Leptin has been reported to enhance aromatase activity in MCF-7 cell lines,(41
) which may enhance estrogen production and induce tumor cell growth.(42
) Similarly, leptin receptors are expressed in T47-D breast cancer cell lines and leptin induces proliferation of T47-D cells.(15
) However, leptin may also reduce breast cancer risk through other mechanisms. Leptin is involved in the regulation of ovarian folliculogenesis(22
) and at high levels may reduce follicular estradiol secretion.(23
) In addition, obese leptin receptor-deficient mice have a decreased incidence of mammary tumors,(10
) thus an individual with elevated leptin levels could be at a reduced risk for breast cancer due to leptin resistance(43
) and its association with reduced leptin receptor activity.(45
) Moreover, the soluble leptin receptor (sOB-R), which may play an important role in the availability of circulating leptin,(46
) has been more strongly associated with risk of diseases such as diabetes(47
) and PCOS(48
) than plasma leptin.
A limitation of our study was that we only had a single plasma leptin measurement which may not accurately capture an individual’s true long-term average level of leptin. However, the intraclass correlations reported for leptin over a one to four year period are high, ranging from 0.74 to 0.82.(34
) Another limitation is the potential for misclassification due to laboratory error (CV 14%), but differential misclassification was unlikely due to the blinding of lab personnel to case status and to assaying cases and controls in the same batch. Potential misclassification of leptin measurements are therefore most likely non-differential with respect to breast cancer and would thus have attenuated our results.

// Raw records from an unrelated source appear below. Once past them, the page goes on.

Lemma block_union_in_block I k : 1 < #|I| -> ~ block_union I \subset B k.
Proof.
rewrite /block_union => I_gt1 /subsetP sIk.
have : 0 < #|I :\ k|.
  by move: I_gt1; rewrite (cardsD1 k); case: (k \in I); rewrite ?add1n ?add0n // => /ltnW.
case/card_gt0P => i; rewrite !inE => /andP[ik iI].
have [x Bx] := set0Pn _ (B_neq0 i).
have xI : x \in \bigcup_(j in I) B j by apply/bigcupP; exists i.
by move/eqP: ik; apply; exact: B_inj Bx (sIk x xI).
Qed.

Lemma ola_VI_below_in_block w k z : cl w \subset B k -> ~ ola_VI_below w z.
Proof.
move=> wk [w' Sw' [_ [I I_gt1 EI] _]]; apply: (block_union_in_block (k := k) I_gt1).
by rewrite -EI; exact: subset_trans (subset_cl_subtree Sw') wk.
Qed.

Lemma nonmin_value_in_block S k z : S \subset B k -> ~ nonmin_value S z.
Proof.
move=> Sk [i [iS Ni _]]; have [x Bx] := set0Pn _ (B_neq0 i).
have Eik : i = k by apply: B_inj Bx (subsetP Sk x (subsetP iS x Bx)).
suff ES : S = B i by rewrite ES eqxx in Ni.
by apply/eqP; rewrite eqEsubset iS Eik Sk.
Qed.

Lemma nonmin_value_subset S S' z : S \subset S' -> nonmin_value S z -> nonmin_value S' z.
Proof.
move=> sSS' [i [iS Ni ->]]; exists i; split => //; first exact: subset_trans iS sSS'.
have S_neq0 : S != set0.
  by apply: contraNneq (B_neq0 i) => S0; rewrite -subset0 -S0.
rewrite neq_ltn; apply/orP; right; apply: leq_ltn_trans (smin_subset sigma S_neq0 sSS') _.
by rewrite ltn_neqAle eq_sym Ni smin_subset.
Qed.

Lemma nonmin_value_setU Ia Ib z : Ia != set0 -> Ib != set0 ->
  [disjoint block_union Ia & block_union Ib] ->
  nonmin_value (block_union Ia :|: block_union Ib) z <->
  z = (- (maxn (smin sigma (block_union Ia)) (smin sigma (block_union Ib)))%:Z)%R
  \/ nonmin_value (block_union Ia) z \/ nonmin_value (block_union Ib) z.
Proof.
move=> Ia0 Ib0 dis.
wlog lt_ab : Ia Ib Ia0 Ib0 dis /
    smin sigma (block_union Ia) < smin sigma (block_union Ib).
  move=> H; have := smin_disjoint_neq sigma_inj (block_union_neq0 Ia0)
    (block_union_neq0 Ib0) dis.
  rewrite neq_ltn => /orP[lt|lt]; first exact: H.
  by rewrite setUC maxnC H // 1?disjoint_sym //; tauto.
set Ua := block_union Ia; set Ub := block_union Ib.
have Emin : smin sigma (Ua :|: Ub) = smin sigma Ua.
  by rewrite smin_setU ?block_union_neq0 //; exact/minn_idPl/ltnW.
have sUab : Ua :|: Ub = block_union (Ia :|: Ib) by rewrite /block_union bigcup_setU.
rewrite (maxn_idPr (ltnW lt_ab)); split.
- case=> i [iU Ni ->]; rewrite Emin in Ni.
  have := iU; rewrite sUab => /block_union_subset; rewrite inE => /orP[iA|iB].
    by right; left; exists i; split; rewrite ?bigcup_sup.
  have [Ei|N'] := eqVneq (smin sigma (B i)) (smin sigma Ub); first by left; rewrite Ei.
  by right; right; exists i; split; rewrite ?bigcup_sup.
- case=> [->|[[i [iA Ni ->]]|[i [iB Ni ->]]]].
  + (* -min b is the minimum of the block of b containing the leaf attaining it. *)
    have [y Uy Ey] := smin_mem sigma (block_union_neq0 Ib0).
    have /bigcupP[j jB By] := Uy.
    have Ej : smin sigma (B j) = smin sigma Ub.
      apply/eqP; rewrite eqn_leq Ey smin_le //= -Ey smin_subset ?B_neq0 //.
      exact: bigcup_sup.
    exists j; split; last by rewrite Ej.
      by rewrite subsetU // (bigcup_sup _ jB) orbT.
    by rewrite Emin Ej gtn_eqF.
  + by exists i; split; rewrite ?Emin // subsetU ?iA.
  + exists i; split => //; first by rewrite subsetU ?iB ?orbT.
    rewrite Emin gtn_eqF //; apply: leq_trans lt_ab _.
    exact: smin_subset (B_neq0 i) iB.
Qed.

Lemma ola_VI_below_Nd2 a b z :
  (exists2 I : {set 'I_p}, 1 < #|I| & cl (Nd [:: a; b]) = block_union I) ->
  ola_VI_below (Nd [:: a; b]) z <->
  z = ola sigma (Nd [:: a; b]) \/ ola_VI_below a z \/ ola_VI_below b z.
Proof.
move=> wI; split.
- case=> w' /subtree_NdP[-> [_ _ ->]|[c Ic Sc] H]; first by left.
  by right; case: Ic Sc => [<-|[<-|[]]] Sc; [left | right]; exists w'.
- case=> [->|[[w' Sw' H]|[w' Sw' H]]].
  + by exists (Nd [:: a; b]); first exact: Defs.sub_refl.
  + by exists w' => //; apply: subtree_trans Sw' (subtree_child _); left.
  + by exists w' => //; apply: subtree_trans Sw' (subtree_child _); right; left.
Qed.

Lemma cl_subtree_neq0 s : subtree s T -> cl s != set0.
Proof.
move/subtree_all_nodes/(_ T_binary); apply: cl_neq0.
by move=> k /eqP ->.
Qed.

Lemma block_split a b I i : subtree (Nd [:: a; b]) T -> 1 < #|I| ->
  cl (Nd [:: a; b]) = block_union I -> i \in I ->
  B i \subset cl a \/ B i \subset cl b.
Proof.
move=> Sw I_gt1 EI iI; have [s Ss Es] := B_cluster i.
have not_above : ~ cl (Nd [:: a; b]) \subset B i.
  by rewrite EI; exact: block_union_in_block.
have [x Bx] := set0Pn _ (B_neq0 i).
have xs : x \in leaves s by move: Bx; rewrite -Es inE.
have : x \in cl (Nd [:: a; b]) by rewrite EI; apply/bigcupP; exists i.
rewrite inE => xw.
case: (subtree_laminar T_uniq Ss Sw xs xw) => [/subtree_NdP[Esw|[c Ic Sc]]|Sws].
- by case: not_above; rewrite -Es Esw.
- by case: Ic Sc => [<-|[<-|[]]] Sc; [left | right]; rewrite -Es; exact: subset_cl_subtree.
- by case: not_above; rewrite -Es; exact: subset_cl_subtree.
Qed.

Circulating hormones associated with both leptin and premenopausal breast cancer may confound the association.(18
) We were able to adjust for several hormones including insulin, adiponectin, IGF-1, IGFBP-3, and estradiol in this analysis, and minimally changed the leptin association. Residual confounding by these biomarkers may remain, due to random measurement error. BMI at age 18 and BMI at blood draw may have been affected by measurement error, however the validity of these measures has been reported to range from 0.84 to 0.99.(50
) Residual confounding is likely to have attenuated any observed associations.
To our knowledge, this is the first study to examine the relation between leptin and primarily premenopausal breast cancer risk using blood samples collected prior to cancer diagnosis. We also have high follow-up rates, cancer cases that have been confirmed by medical records, and data on many important covariates, including BMI at blood draw and at age 18, other hormones, and other risk factors for breast cancer.
In conclusion, our data do not support an increase in the risk of breast cancer with high leptin levels. Our results suggest that leptin may be inversely associated with breast cancer risk, but it is unclear whether any part of this association is independent of BMI. Future studies that examine the association between premenopausal breast cancer risk and leptin receptor levels which are more strongly related with risk of diabetes and PCOS than plasma leptin concentrations may further our understanding of this relation.